Palisades’ outperformance stats would, of course, be meaningless without breaking down the tenants and activity that’s driving those numbers.
The mall has the usual stuffy, retail-heavy names that include Macy’s, Bed, Bath & Beyond, BJ’s Wholesale Club, Home Depot and Target among them.
But on its website, Palisades talks of featured tenants such as Levity Live (Beyond Funny) Comedy Club & Theatre, immersive game action center 5 Wits, kids playland Billy Beeze, the Get Air Trampoline Park, Lego, AMC movie theatres, sport and adventure labels Adidas and Lucky Strike, and restaurants – a bunch of them – from Cheesecake Factory to Dave & Busters, Chipotle, Red Robin and Chili’s. All carefully curated to expound its brand: A lifestyle-first mall.
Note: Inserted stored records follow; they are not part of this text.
Lemma dilate_step k z i : 1 <= k ->
  gsub (dilate k z (S i)) (dilate k z i) =
  gsub (z (S (i / Z.to_nat k)%nat)) (z (i / Z.to_nat k)%nat).
Proof.
  intros Hk; unfold dilate; set (n := Z.to_nat k).
  assert (Ek : k = Z.of_nat n) by lia.
  set (a := (i / n)%nat); set (t := (i mod n)%nat).
  assert (Hi : i = (n * a + t)%nat) by (apply Nat.div_mod; lia).
  assert (Ht : (t < n)%nat) by (apply Nat.mod_upper_bound; lia).
  destruct (Nat.eq_dec (S t) n) as [E | E].
  - destruct (div_mod_mul_add n (S a) 0 ltac:(lia)) as [Ea Et].
    replace (n * S a + 0)%nat with (S i) in Ea, Et by lia; rewrite Ea, Et.
    replace (Z.of_nat t) with (k - 1) by lia; unfold gsub; simpl; f_equal; ring.
  - destruct (div_mod_mul_add n a (S t) ltac:(lia)) as [Ea Et].
    replace (n * a + S t)%nat with (S i) in Ea, Et by lia; rewrite Ea, Et.
    rewrite Nat2Z.inj_succ; unfold gsub; simpl; f_equal; ring.
Qed.

Lemma dilate_walk k l z : 1 <= k -> is_walk l z -> is_walk (Z.to_nat k * l) (dilate k z).
Proof.
  intros Hk W i Hi; rewrite dilate_step by exact Hk; apply W.
  apply Nat.Div0.div_lt_upper_bound; lia.
Qed.

Lemma dilate_mul k z a : 1 <= k -> dilate k z (Z.to_nat k * a) = (k * fst (z a), k * snd (z a)).
Proof.
  intros Hk; unfold dilate.
  destruct (div_mod_mul_add (Z.to_nat k) a 0 ltac:(lia)) as [Ea Et].
  rewrite Nat.add_0_r in Ea, Et; rewrite Ea, Et; simpl; f_equal; ring.
Qed.

Lemma dilate_chord l z k c : 1 <= k -> chord l z c -> chord (Z.to_nat k * l) (dilate k z) (k * c).
Proof.
  intros Hk [t [u [Ht [Hu E]]]].
  exists (Z.to_nat k * t)%nat, (Z.to_nat k * u)%nat.
  split; [nia | split; [nia |]].
  rewrite !dilate_mul by exact Hk; unfold gsub in *; injection E as Ex Ey; simpl.
  f_equal; nia.
Qed.

Lemma dilate_on_segment k l z i : 1 <= k -> (1 <= l)%nat -> (i <= Z.to_nat k * l)%nat ->
  exists a t, (a < l)%nat /\ 0 <= t <= k /\
    dilate k z i = (k * fst (z a) + t * (fst (z (S a)) - fst (z a)),
                    k * snd (z a) + t * (snd (z (S a)) - snd (z a))).
Proof.
  intros Hk Hl Hi; set (n := Z.to_nat k).
  destruct (Nat.eq_dec i (n * l)) as [E | E].
  - exists (l - 1)%nat, k; split; [lia | split; [lia |]].
    rewrite E; unfold n; rewrite dilate_mul by exact Hk.
    replace (S (l - 1)) with l by lia; f_equal; ring.
  - exists (i / n)%nat, (Z.of_nat (i mod n)); split; [| split; [| reflexivity]].
    + apply Nat.Div0.div_lt_upper_bound; lia.
    + assert (i mod n < n)%nat by (apply Nat.mod_upper_bound; lia); lia.
Qed.

Lemma scaled_gap_cases (k r t s : Z) (w u v : gauss) :
  Z.abs r < k -> 0 <= t <= k -> 0 <= s <= k -> unit_step u -> unit_step v ->
  k * fst w = r + t * fst u - s * fst v -> k * snd w = t * snd u - s * snd v ->
  exists e f : nat, (e <= 1)%nat /\ (f <= 1)%nat /\
    w = (Z.of_nat e * fst u - Z.of_nat f * fst v, Z.of_nat e * snd u - Z.of_nat f * snd v).
Proof.
  intros Hr Ht Hs Hu Hv Ex Ey; destruct w as [wx wy]; simpl in Ex, Ey.
  destruct (unit_step_cases u Hu) as [-> | [-> | [-> | ->]]];
  destruct (unit_step_cases v Hv) as [-> | [-> | [-> | ->]]]; simpl in Ex, Ey;
  assert (Bx : -2 <= wx <= 2) by nia; assert (By : -2 <= wy <= 2) by nia;
  assert (Cx : wx = -2 \/ wx = -1 \/ wx = 0 \/ wx = 1 \/ wx = 2) by lia;
  assert (Cy : wy = -2 \/ wy = -1 \/ wy = 0 \/ wy = 1 \/ wy = 2) by lia;
  destruct Cx as [-> | [-> | [-> | [-> | ->]]]];
  destruct Cy as [-> | [-> | [-> | [-> | ->]]]];
  try (exfalso; lia);
  let witness e f := exists e, f; split; [lia | split; [lia | reflexivity]] in
  first [witness 0%nat 0%nat | witness 1%nat 0%nat | witness 0%nat 1%nat | witness 1%nat 1%nat].
Qed.

Lemma chord_of_dilated_chord l z k d r : is_walk l z -> Z.abs r < k ->
  chord (Z.to_nat k * l) (dilate k z) (k * d + r) -> chord l z d.
Proof.
  intros W Hr [i [j [Hi [Hj E]]]].
  destruct (Nat.eq_dec l 0) as [-> | Hl].
  - replace i with O in E by lia; replace j with O in E by lia.
    unfold gsub in E; injection E as Ex _.
    assert (d = 0) as -> by nia.
    exists O, O; repeat split; [lia .. |]; unfold gsub; f_equal; lia.
  - destruct (dilate_on_segment k l z i ltac:(lia) ltac:(lia) Hi) as [b [s [Hb [Hs Ei]]]].
    destruct (dilate_on_segment k l z j ltac:(lia) ltac:(lia) Hj) as [a [t [Ha [Ht Ej]]]].
    rewrite Ei, Ej in E; unfold gsub in E; injection E as Ex Ey.
    destruct (scaled_gap_cases k r t s (fst (z b) - fst (z a) - d, snd (z b) - snd (z a))
                (gsub (z (S a)) (z a)) (gsub (z (S b)) (z b)) Hr Ht Hs (W a Ha) (W b Hb))
      as [e [f [He [Hf Ew]]]]; unfold gsub in *; simpl in *; [lia | lia |].
    injection Ew as Ewx Ewy.
    exists (b + f)%nat, (a + e)%nat; split; [lia | split; [lia |]].
    destruct e as [|[|]], f as [|[|]]; try lia; rewrite ?Nat.add_0_r, ?Nat.add_1_r;
      unfold gsub; simpl Z.of_nat in *; f_equal; lia.
Qed.

Theorem mainTheorem2 (n d : nat) (k r : Z) :
  (0 < n)%nat -> (0 < d)%nat ->
  Z.of_nat n = k * Z.of_nat d + r ->
  Z.abs r + 1 <= k ->
  in_A n d.
Proof.
  intros _ _ Hn Hk (l & z & W & (t & u & Ht & Hu & Htu) & Havoid).
  assert (C : chord (Z.to_nat k * l) (dilate k z) (k * Z.of_nat n))
    by (apply dilate_chord; [lia | exists t, u; auto]).
  apply chord_of_chord_mul in C; [| apply dilate_walk; [lia | exact W] | lia].
  rewrite Hn in C; apply chord_of_dilated_chord in C as (t' & u' & Ht' & Hu' & E);
    [| exact W | lia].
  exact (Havoid t' u' Ht' Hu' E).
Qed.
Lemma card_edges_gt0 (V : finType) (e : rel V) :
  (1 < #|V|)%N -> (forall x y, connect e x y) -> (0 < #|edges e|)%N.
Proof.
case/card_gt1P => x [y [_ _ xy]] /(_ x y) /connectP[[|z p] /= x_p y_def].
  by rewrite y_def eqxx in xy.
by apply/card_gt0P; exists (x, z); rewrite inE; case/andP: x_p.
Qed.

Section ReshuffleKernel.
Variables (R : realFieldType) (V : finType) (e : rel V) (M : nat).
Implicit Types (a b xi eta : config V M) (pi : config V M -> R).

Lemma reshuffle_PE xi eta : reshuffle_P R e xi eta =
  #|edges e|%:R^-1 * \sum_(p in edges e)
    (if resh_link p.1 p.2 eta xi then ((cval xi p.1 + cval xi p.2).+1%:R)^-1 else 0).
Proof. by []. Qed.

Lemma reshuffle_P_ge0 xi eta : 0 <= reshuffle_P R e xi eta.
Proof.
rewrite reshuffle_PE mulr_ge0 ?invr_ge0 ?ler0n // sumr_ge0 // => p _.
by case: ifP; rewrite ?invr_ge0 ?ler0n.
Qed.

Lemma reshuffle_P_gt0 xi eta : linked e eta xi -> 0 < reshuffle_P R e xi eta.
Proof.
case/existsP => x /existsP[y /andP[exy link]]; have xy_E : (x, y) \in edges e by rewrite inE.
rewrite reshuffle_PE mulr_gt0 ?invr_gt0 ?ltr0n //; first by apply/card_gt0P; exists (x, y).
rewrite (bigD1 (x, y)) //= link ltr_wpDr ?invr_gt0 ?ltr0n // sumr_ge0 // => p _.
by case: ifP; rewrite ?invr_ge0 ?ler0n.
Qed.

Lemma sum_resh_link_weights eta x y : x != y ->
  \sum_xi (if resh_link x y eta xi then ((cval xi x + cval xi y).+1%:R)^-1 else 0)
  = 1 :> R.
Proof.
move=> xy; set s := (cval eta x + cval eta y)%N.
rewrite (eq_bigr (fun xi => if xi \in [set b | resh_link x y eta b] then s.+1%:R^-1 else 0)).
  by rewrite -big_mkcond sumr_const card_resh_link // -/s -[_ *+ _]mulr_natr mulVf ?pnatr_eq0.
by move=> xi _; rewrite inE; case: ifP => // /resh_linkP[_ <-].
Qed.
The theme is further complemented by activities such as Munchkin Mondays, where children can dress up and play. Spanish circus group Circo Hermanos Vazquez is also playing at a huge carpark in the venue all September.
In Google searches, Palisades mentions it has 200 stores but draws particular emphasis to its bowling alley, ice rink, the world’s tallest indoor ropes course and 16 sit-down restaurants. “Even those who loathe shopping can find something to draw them here,” a caption unmistakably says.
Shopping & No Play Will Keep People Away
Simon’s Shops at Nanuet is, meanwhile, anchored by Fairway Market, and also has Macy’s as a major tenant, along with Sears. But aside from Regal Cinemas, fun and games are conspicuously missing from its roster of 61 names.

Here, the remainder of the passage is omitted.